The airfreight business model has not changed in decades, and is failing to adapt to new and innovative forms of competition, IATA claims. Glyn Hughes, IATA’s director of cargo distribution, believes the industry must reshape itself to get back in touch with the changing market around it.
The high number of interfaces involved has made airfreight highly complex. This came at a cost, and brought the risk of fatal delay, Hughes said during IATA’s Media Day today in Geneva. “If airfreight wants to position itself as [part of] a fast, efficient supply chain, it needs to address these complexities,” he said.
Air transportation costs have halved in real terms over the last 40 years, but the industry has passed all the savings on to customers and therefore has been unable to update its systems and processes.
One reason for the slow take-up of IATA’s e-freight initiative, which aims to take the paperwork out of the air transport process but hasn’t achieved its expected goals, was lack of commitment by cash-strapped operators.
“As an industry there isn’t the capacity to invest,” Hughes said. “We’re having to demonstrate the benefits up front. We have to join the queue–and go up the queue–to get the investment from carriers.”
Among many challenges to the industry is the growing trend for people to shop online. Only 12 percent of the public now shop exclusively in “bricks-and-mortar” stores. This trend, and the increasing number of airline passengers from emerging economies “self-shipping” by flying with large quantities of goods for onward sale at home, means the industry must consider offering new types of services, Hughes said. “Our solutions must align with consumer demands. We have to redefine our relationship with freight forwarders so we have the right bedrock.”

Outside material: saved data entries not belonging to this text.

(* Let $\varphi$ be an $\mathcal L$-sentence with $\mathbb N\models\Pi(\ulcorner\varphi\urcorner)$, and let $\alpha$ be an ordinal such that $(T_\alpha,P_\alpha)$ is consistent. Then both sequents $\varphi\Rightarrow\neg\mathrm T\varphi$ and $\neg\mathrm T\varphi\Rightarrow\varphi$ hold in $(\mathbb N,T_\alpha,P_\alpha)$.
   Context: Language. Let $\mathcal L_{\mathbb N}$ be the language of first-order Peano arithmetic and $\mathcal L=\mathcal L_{\mathbb N}\cup\{\mathrm T,\mathrm P\}$ with unary predicates $\mathrm T,\mathrm P$. $\mathcal L$-formulas are in Tait style: literals are $s=t$, $s\neq t$, $\mathrm Tt$, $\neg\mathrm Tt$, $\mathrm Pt$, $\neg\mathrm Pt$; formulas are built from literals by $\wedge,\vee,\forall,\exists$; negation of an arbitrary formula is defined by De Morgan dualities with $\neg\neg\varphi:=\varphi$. A standard Gödel numbering is fixed; $\#e$ is the code of $e$, $\ulcorner e\urcorner$ the numeral of $\#e$, $\mathrm{val}(t)$ the value of a closed term $t$, $\dot\neg$ the primitive recursive function with $\dot\neg(\#\varphi)=\#\neg\varphi$; $\mathrm T\varphi,\mathrm P\varphi$ abbreviate $\mathrm T\ulcorner\varphi\urcorner,\mathrm P\ulcorner\varphi\urcorner$. Semantics. A partial model is $(\mathbb N,T,P)$ with $\mathbb N$ the standard model and $T=(T^+,T^-)$, $P=(P^+,P^-)$ pairs of subsets of $\omega$. Strong Kleene satisfaction $\models_{SK}$: arithmetic literals evaluated in $\mathbb N$; $\mathrm Tt$ satisfied iff $\mathrm{val}(t)\in T^+$, $\neg\mathrm Tt$ iff $\mathrm{val}(t)\in T^-$, likewise for $\mathrm P$ with $P^\pm$; conjunction iff both, disjunction iff at least one, $\forall x\varphi(x)$ iff all numeral instances, $\exists x\varphi(x)$ iff some numeral instance. A sequent $\Gamma\Rightarrow\Delta$ of sentences holds in $(\mathbb N,T,P)$ iff, whenever all members of $\Gamma$ are satisfied, some member of $\Delta$ is. $(T,P)$ is consistent iff $T^+\cap T^-=\emptyset$ and $P^+\cap P^-=\emptyset$. Base paradoxicality. $\mathrm{PA}[\mathrm{SK}]$ is the two-sided sequent calculus for Strong Kleene logic with identity in $\mathcal L$ (initial sequents $\varphi\Rightarrow\varphi$, cut, weakening, the rule from $\Gamma\Rightarrow\Delta,\varphi$ infer $\neg\varphi,\Gamma\Rightarrow\Delta$, usual rules for $\wedge,\vee,\forall,\exists$, reflexivity $\Rightarrow t=t$, replacement from $\Gamma\Rightarrow\Delta,\varphi(t)$ infer $\Gamma\Rightarrow\Delta,s\neq t,\varphi(s)$) plus the initial sequents of Peano arithmetic and the induction rule for all $\mathcal L$-formulas. A sentence $\varphi$ is base paradoxical iff $\mathrm{PA}[\mathrm{SK}]$ derives $\varphi\Leftrightarrow\neg\mathrm T\varphi$ and $\neg\varphi\Leftrightarrow\mathrm T\varphi$ ($\Leftrightarrow$ meaning both sequents). $B(x)$ is an $\mathcal L_{\mathbb N}$-formula defining in $\mathbb N$ the set of codes of base paradoxical sentences, and $\Pi(x):=B(x)\vee B(\dot\neg x)$. Jump and sequence. Let $\mathscr P(x)$ be the $\mathcal L$-formula which is the disjunction of: (1) $x$ codes a sentence and $\Pi(x)$; (2) $x$ codes a sentence $\mathrm Tt$ ($t$ a closed term) and $\mathrm P(\mathrm{val}(t))$; (3) $x$ codes a sentence $\neg\mathrm Tt$ and $\mathrm P(\mathrm{val}(t))$; (4) $x$ codes a sentence $\psi\wedge\theta$ and $(\mathrm P\psi\wedge\mathrm P\theta)\vee(\mathrm T\psi\wedge\mathrm P\theta)\vee(\mathrm T\theta\wedge\mathrm P\psi)$; (5) $x$ codes a sentence $\psi\vee\theta$ and $(\mathrm P\psi\wedge\mathrm P\theta)\vee(\neg\mathrm T\psi\wedge\mathrm P\theta)\vee(\neg\mathrm T\theta\wedge\mathrm P\psi)$; (6) $x$ codes a sentence $\forall v\psi$ and $\exists y\,\mathrm P\psi(\dot y)\wedge\forall y(\mathrm P\psi(\dot y)\vee\mathrm T\psi(\dot y))$; (7) $x$ codes a sentence $\exists v\psi$ and $\exists y\,\mathrm P\psi(\dot y)\wedge\forall y(\mathrm P\psi(\dot y)\vee\neg\mathrm T\psi(\dot y))$; here $\psi(\dot y)$ is the code of the result of substituting the numeral of $y$ for $v$. Write $\mathscr P(\varphi)$ for $\mathscr P(\ulcorner\varphi\urcorner)$. Define $\Gamma_{\mathscr{TP}}(T,P)=\big((\{\#\varphi:(\mathbb N,T,P)\models_{SK}\varphi\},\{\#\varphi:(\mathbb N,T,P)\models_{SK}\neg\varphi\}),(\{\#\varphi:(\mathbb N,T,P)\models_{SK}\mathscr P(\varphi)\},\{\#\varphi:(\mathbb N,T,P)\models_{SK}\varphi\vee\neg\varphi\})\big)$, $\varphi$ ranging over $\mathcal L$-sentences. Define $(T_0,P_0)=((\emptyset,\emptyset),(\emptyset,\emptyset))$, $(T_{\beta+1},P_{\beta+1})=\Gamma_{\mathscr{TP}}(T_\beta,P_\beta)$, $(T_\lambda,P_\lambda)=\bigcup_{\beta<\lambda}(T_\beta,P_\beta)$ (componentwise union) for limit $\lambda$. *)

From Stdlib Require Import List Arith.
Import ListNotations.

Inductive term : Type :=
| tvar  : nat -> term
| tzero : term
| tsucc : term -> term
| tplus : term -> term -> term
| tmult : term -> term -> term.

(* Tait-style L-formulas: literals closed under /\, \/, forall, exists *)
Inductive formula : Type :=
| fEq  : term -> term -> formula
| fNeq : term -> term -> formula
| fT   : term -> formula
| fNT  : term -> formula
| fP   : term -> formula
| fNP  : term -> formula
| fAnd : formula -> formula -> formula
| fOr  : formula -> formula -> formula
| fAll : formula -> formula      (* binds de Bruijn index 0 *)
| fEx  : formula -> formula.

Fixpoint neg (f : formula) : formula :=
  match f with
  | fEq s t => fNeq s t | fNeq s t => fEq s t
  | fT t => fNT t | fNT t => fT t
  | fP t => fNP t | fNP t => fP t
  | fAnd a b => fOr (neg a) (neg b)
  | fOr a b => fAnd (neg a) (neg b)
  | fAll a => fEx (neg a)
  | fEx a => fAll (neg a)
  end.

Fixpoint tsubst (s : nat -> term) (t : term) : term :=
  match t with
  | tvar i => s i
  | tzero => tzero
  | tsucc u => tsucc (tsubst s u)
  | tplus u v => tplus (tsubst s u) (tsubst s v)
  | tmult u v => tmult (tsubst s u) (tsubst s v)
  end.

Definition scons (t : term) (s : nat -> term) : nat -> term :=
  fun i => match i with 0 => t | S j => s j end.

Definition shiftS : nat -> term := fun i => tvar (S i).

Definition up (s : nat -> term) : nat -> term :=
  scons (tvar 0) (fun i => tsubst shiftS (s i)).

Fixpoint fsubst (s : nat -> term) (f : formula) : formula :=
  match f with
  | fEq a b => fEq (tsubst s a) (tsubst s b)
  | fNeq a b => fNeq (tsubst s a) (tsubst s b)
  | fT a => fT (tsubst s a) | fNT a => fNT (tsubst s a)
  | fP a => fP (tsubst s a) | fNP a => fNP (tsubst s a)
  | fAnd a b => fAnd (fsubst s a) (fsubst s b)
  | fOr a b => fOr (fsubst s a) (fsubst s b)
  | fAll a => fAll (fsubst (up s) a)
  | fEx a => fEx (fsubst (up s) a)
  end.

Definition sub1 (t : term) (f : formula) : formula := fsubst (scons t tvar) f.
Definition shiftF (f : formula) : formula := fsubst shiftS f.
Definition shiftL (l : list formula) : list formula := map shiftF l.

Fixpoint tclosed (k : nat) (t : term) : bool :=
  match t with
  | tvar i => Nat.ltb i k
  | tzero => true
  | tsucc u => tclosed k u
  | tplus u v | tmult u v => tclosed k u && tclosed k v
  end.

Fixpoint fclosed (k : nat) (f : formula) : bool :=
  match f with
  | fEq a b | fNeq a b => tclosed k a && tclosed k b
  | fT a | fNT a | fP a | fNP a => tclosed k a
  | fAnd a b | fOr a b => fclosed k a && fclosed k b
  | fAll a | fEx a => fclosed (S k) a
  end.

Definition sentence (f : formula) : Prop := fclosed 0 f = true.
Definition closed_term (t : term) : Prop := tclosed 0 t = true.

Fixpoint num (n : nat) : term :=
  match n with 0 => tzero | S m => tsucc (num m) end.

Definition inst (f : formula) (n : nat) : formula := sub1 (num n) f.

(* value of a closed term in the standard model (variables, which never
   occur in closed terms, are sent to 0) *)
Fixpoint val (t : term) : nat :=
  match t with
  | tvar _ => 0
  | tzero => 0
  | tsucc u => S (val u)
  | tplus u v => val u + val v
  | tmult u v => val u * val v
  end.

Definition cpair (a b : nat) : nat := (a + b) * (a + b + 1) / 2 + b.

Fixpoint tcode (t : term) : nat :=
  match t with
  | tvar i => cpair 0 i
  | tzero => cpair 1 0
  | tsucc u => cpair 2 (tcode u)
  | tplus u v => cpair 3 (cpair (tcode u) (tcode v))
  | tmult u v => cpair 4 (cpair (tcode u) (tcode v))
  end.

Fixpoint code (f : formula) : nat :=
  match f with
  | fEq a b => cpair 0 (cpair (tcode a) (tcode b))
  | fNeq a b => cpair 1 (cpair (tcode a) (tcode b))
  | fT a => cpair 2 (tcode a)
  | fNT a => cpair 3 (tcode a)
  | fP a => cpair 4 (tcode a)
  | fNP a => cpair 5 (tcode a)
  | fAnd a b => cpair 6 (cpair (code a) (code b))
  | fOr a b => cpair 7 (cpair (code a) (code b))
  | fAll a => cpair 8 (code a)
  | fEx a => cpair 9 (code a)
  end.

Definition gq (f : formula) : term := num (code f).

Record pmodel : Type := PModel {
  Tpos : nat -> Prop; Tneg : nat -> Prop;
  Ppos : nat -> Prop; Pneg : nat -> Prop }.

Inductive SK (M : pmodel) : formula -> Prop :=
| SK_eq   s t : val s = val t -> SK M (fEq s t)
| SK_neq  s t : val s <> val t -> SK M (fNeq s t)
| SK_T    t : Tpos M (val t) -> SK M (fT t)
| SK_NT   t : Tneg M (val t) -> SK M (fNT t)
| SK_P    t : Ppos M (val t) -> SK M (fP t)
| SK_NP   t : Pneg M (val t) -> SK M (fNP t)
| SK_and  a b : SK M a -> SK M b -> SK M (fAnd a b)
| SK_orl  a b : SK M a -> SK M (fOr a b)
| SK_orr  a b : SK M b -> SK M (fOr a b)
| SK_all  a : (forall n, SK M (inst a n)) -> SK M (fAll a)
| SK_ex   a n : SK M (inst a n) -> SK M (fEx a).

Definition holds (M : pmodel) (G D : list formula) : Prop :=
  (forall g, In g G -> SK M g) -> exists d, In d D /\ SK M d.

Definition consistent (M : pmodel) : Prop :=
  (forall n, ~ (Tpos M n /\ Tneg M n)) /\ (forall n, ~ (Ppos M n /\ Pneg M n)).

Inductive PASK : list formula -> list formula -> Prop :=
| r_init f : PASK [f] [f]
| r_cut G D f : PASK G (f :: D) -> PASK (f :: G) D -> PASK G D
| r_weak G D G' D' : PASK G D -> incl G G' -> incl D D' -> PASK G' D'
| r_negL G D f : PASK G (f :: D) -> PASK (neg f :: G) D
| r_andL G D a b : PASK (a :: b :: G) D -> PASK (fAnd a b :: G) D
| r_andR G D a b : PASK G (a :: D) -> PASK G (b :: D) -> PASK G (fAnd a b :: D)
| r_orL G D a b : PASK (a :: G) D -> PASK (b :: G) D -> PASK (fOr a b :: G) D
| r_orR G D a b : PASK G (a :: b :: D) -> PASK G (fOr a b :: D)
| r_allL G D a t : PASK (sub1 t a :: G) D -> PASK (fAll a :: G) D
| r_allR G D a : PASK (shiftL G) (a :: shiftL D) -> PASK G (fAll a :: D)
| r_exL G D a : PASK (a :: shiftL G) (shiftL D) -> PASK (fEx a :: G) D
| r_exR G D a t : PASK G (sub1 t a :: D) -> PASK G (fEx a :: D)
| r_refl t : PASK [] [fEq t t]
| r_repl G D f s t : PASK G (sub1 t f :: D) -> PASK G (fNeq s t :: sub1 s f :: D)
| r_pa1 t : PASK [] [fNeq (tsucc t) tzero]
| r_pa2 s t : PASK [fEq (tsucc s) (tsucc t)] [fEq s t]
| r_pa3 t : PASK [] [fEq (tplus t tzero) t]
| r_pa4 s t : PASK [] [fEq (tplus s (tsucc t)) (tsucc (tplus s t))]
| r_pa5 t : PASK [] [fEq (tmult t tzero) tzero]
| r_pa6 s t : PASK [] [fEq (tmult s (tsucc t)) (tplus (tmult s t) s)]
| r_ind G D f t :
    PASK (f :: shiftL G) (fsubst (scons (tsucc (tvar 0)) shiftS) f :: shiftL D) ->
    PASK (sub1 tzero f :: G) (sub1 t f :: D).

IATA has belatedly realized it needs to revolutionize the “agency model,” its longstanding legal framework established back in the day when freight forwarders acted as agents for airlines and sold a standard tariff on a commission basis. Forwarders now work on behalf of the shipper but the IATA program has not kept up to date with this, Hughes acknowledged.

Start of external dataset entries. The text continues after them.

Lemma horner_smith_diag_unit n (L R : 'M[{poly int}]_(p n.+1)) (i : 'I_(p n.+1)) :
  L \in unitmx -> R \in unitmx ->
  is_smith_form (L *m (map_mx polyC (DUmx cov n.+1) + 'X%:M) *m R) -> (i < p n)%N ->
  ((L *m (map_mx polyC (DUmx cov n.+1) + 'X%:M) *m R) i i).[- r%:Z] \is a GRing.unit.
Proof.
set M := _ + _; set S := L *m M *m R => L_unit R_unit S_smith lt_ipn.
have [r_gt0 p0 _ _ _] := diffP.
have p_mono := rank_mono Delta_growth.
have det_M : \det M = \prod_(k < n.+2) ('X + ((r * k.+1)%N%:R)%:P) ^+ drank p (n.+1 - k).
  have := det_DUmx_shift n.+1 0 diffP p_mono; rewrite polyC0 addr0 => ->.
  by apply: eq_bigr => k _; rewrite add0r.
have LR_unit : \det L * \det R \is a GRing.unit by rewrite unitrM -!unitmxE L_unit R_unit.
have [c det_S] := smith_diag_pow_dvd_det i S_smith.
apply: (horner_unit_of_pow_dvd (D := drank p n.+1) (k := (p n.+1 - i)%N)
  (a := fun k : 'I_n.+2 => (r * k.+1)%N%:R) (e := fun k : 'I_n.+2 => drank p (n.+1 - k))
  (q := (\det L * \det R)^-1 * c)).
- move=> k k' /eqP; rewrite eqr_nat eqn_mul2l (negbTE (lt0n_neq0 r_gt0)) /=.
  by move=> /eqP [k_k']; apply: val_inj.
- by have := p_mono n; have := ltn_ord i; rewrite /drank; lia.
- move=> k lt_drank; have /andP[/eqP r1 /eqP k1] : (r == 1%N) && (k == 1%N :> nat).
    apply: contraTT lt_drank => not_r1k1; rewrite -leqNgt.
    by apply: (drank_le p0 Delta_growth); rewrite // -ltnS ltn_ord.
  by rewrite r1 k1.
- by rewrite -det_M mulrCA [_ ^+ _ * c]mulrC -det_S /S !det_mulmx mulrAC mulKr.
Qed.

End SmithFormAtMinusR.

Theorem proposition2p5 (r : nat) (p : nat -> nat) (cov : cover_rel p) :
  is_differential_poset r cov ->
  (forall (n j : nat), (1 <= n)%N -> (1 <= j <= n)%N ->
     Delta_p p (n%:Z - j%:Z - (r == 1%N)%:Z) <= Delta_p p n%:Z) ->
  (forall n : nat,
     has_smith_form (map_mx polyC (DUmx cov n) + 'X%:M : 'M[{poly int}]_(p n))) ->
  forall n : nat, coker_free (Umx cov n).
Proof.
move=> diffP Delta_growth smith n.
have [L [R [L_unit [R_unit S_smith]]]] := smith n.+1.
set S := L *m _ *m R in S_smith; have S_diag := proj1 S_smith.
pose ev := horner_eval (- r%:Z).
have ev_S : map_mx ev S = map_mx ev L *m Umx cov n *m (Dmx cov n *m map_mx ev R).
  by rewrite 2!map_mxM /ev horner_DUmxS_shift // !mulmxA.
apply: (coker_free_of_diag_factor (L := map_mx ev L) (V := Dmx cov n *m map_mx ev R)).
- exact: rank_mono Delta_growth n.
- by rewrite /ev unitmxE det_map_mx rmorph_unit // -unitmxE.
- by move=> a b neq_ab; rewrite -ev_S mxE /ev horner_evalE S_diag // horner0.
- move=> a lt_an; rewrite -ev_S mxE /ev horner_evalE.
  by apply: (horner_smith_diag_unit diffP Delta_growth).
Qed.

The new legal relationship between airlines and forwarders must be partnership-based and must evolve to address a B-to-C (business to consumer) and even a C-to-C (consumer to consumer) world, he said.

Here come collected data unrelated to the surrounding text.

(* Let $\sigma\colon O\to O'$ be an isomorphism of finite $Act$-labelled posets and let $O\rhd c_1$, $O\rhd c_2$ be P-markings. If $O\rhd c_1\sim_C O\rhd c_2$ then $O'\rhd c_1\sigma\sim_C O'\rhd c_2\sigma$.
   Context: Fix a set $Act$ of action labels, an infinite set $\mathcal{E}$ of event names and a net $N=(S,T,F,l)$ (disjoint places $S$ and transitions $T$, $F\subseteq(S\times T)\cup(T\times S)$, $l\colon T\to Act$, ${}^\bullet t=\{s:(s,t)\in F\}$, $t^\bullet=\{s:(t,s)\in F\}$ nonempty). Posets are finite $Act$-labelled posets $O=(X_O,\preccurlyeq_O,l_O)$, $X_O\subseteq\mathcal{E}$; $|O|=\{(x,l_O(x))\}$, $x_a=(x,a)$. Morphisms preserve order and labels ($\sigma(x_a)=\sigma(x)_a$); isomorphisms are bijective morphisms with morphism inverse. $\max_O K$: maximal elements of $K\subseteq|O|$; $K$ down-closed if $y\in K$, $x\preccurlyeq_O y$ imply $x\in K$. Causal markings: finite sets $c$ of pairs $K\vdash s$ ($s\in S$, $K$ finite $\subseteq\mathcal{E}\times Act$); $\mathcal{K}(c)$ union of cause sets, $|c|$ set of places, $K\vdash m=\{K\vdash s:s\in m\}$, $c\sigma=\{\sigma(K)\vdash s\}$. P-marking $O\rhd c$: cause sets are down-closed subsets of $|O|$. $\delta(O,K,e_a)$: $O$ plus event $e\notin X_O$ labelled $a$ above all of $K$, reflexive-transitively closed. Concrete causal case graph: $O\rhd c\cup c'\xrightarrow{K\vdash e_a}\delta(O,K,e_a)\rhd(\mathcal{K}(c)\cup\{e_a\}\vdash t^\bullet)\cup c'$ whenever $t\in T$, $O\rhd c\cup c'$ a P-marking, $|c|={}^\bullet t$, $a=l(t)$, $e\in\mathcal{E}\setminus X_O$, $K=\max_O\mathcal{K}(c)$. A concrete causal bisimulation is a family $\{R_O\}$ indexed by posets of relations on P-markings with: $(O_1\rhd c_1,O_2\rhd c_2)\in R_O$ implies $O_1=O_2=O$; if $(O\rhd c_1,O\rhd c_2)\in R_O$ and $O\rhd c_1\xrightarrow{K\vdash e_a}O'\rhd c_1'$ then $O\rhd c_2\xrightarrow{K\vdash e_a}O'\rhd c_2'$ with $(O'\rhd c_1',O'\rhd c_2')\in R_{O'}$, and vice versa. $\sim_C$ is the greatest one. *)

From HB Require Import structures.
From mathcomp Require Import all_boot.
From mathcomp Require Import finmap.
From Stdlib Require Import Relations.Relation_Operators.

Set Implicit Arguments.
Unset Strict Implicit.
Unset Printing Implicit Defensive.

Local Open Scope fset_scope.

Section CausalBisim.

(* E : event names, Act : action labels, S : places, T : transitions. *)
Variables (E Act S T : choiceType).

(* Finite Act-labelled posets O = (X_O, <=_O, l_O), represented by the *)
(* set of labelled events |O| = {(x, l_O x)} and the order relation.   *)
Record poset := Poset { pev : {fset (E * Act)} ; pord : {fset (E * E)} }.

Definition pX (O : poset) : {fset E} := [fset x.1 | x in pev O].

Definition poset_wf (O : poset) : Prop :=
  (forall x y, x \in pev O -> y \in pev O -> x.1 = y.1 -> x = y) /\
  (forall p, p \in pord O -> p.1 \in pX O /\ p.2 \in pX O) /\
  (forall x, x \in pX O -> (x, x) \in pord O) /\
  (forall x y, (x, y) \in pord O -> (y, x) \in pord O -> x = y) /\
  (forall x y z, (x, y) \in pord O -> (y, z) \in pord O -> (x, z) \in pord O).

IATA has worked through every component of the existing agency program with forwarders’ organization FIATA. The IATA board last week formally endorsed a new approach, as FIATA had already done at its World Congress in Los Angeles in September. IATA is now set to adopt new resolutions paving the way for a more market-based relationship with forwarders at a member conference next year, ready for rollout in early 2014.
In further recognition that its historic regulations and standards are no longer appropriate to today’s airfreight environment, IATA is separating regulations for handling of time- and temperature-sensitive healthcare products from the perishables regulations in which they are currently embedded. New stand-alone regulations will be introduced from the end of December, the Geneva meeting was told.
Meanwhile, hazardous cargo regulations are to be introduced in 2013 to ensure safe carriage of lithium batteries. Dave Brennan, IATA’s assistant director for cargo safety standards, said that such batteries had caused fires on board aircraft, killing crews in two instances.
The batteries have become so ubiquitous that manufacturers of products such as smart gas and electricity meters now find themselves carrying dangerous goods, perhaps without even realizing it.
Brennan said tougher rules would lead to more accurate declarations and give flight crews better information on what they are carrying, allowing them to react more quickly if incidents occur.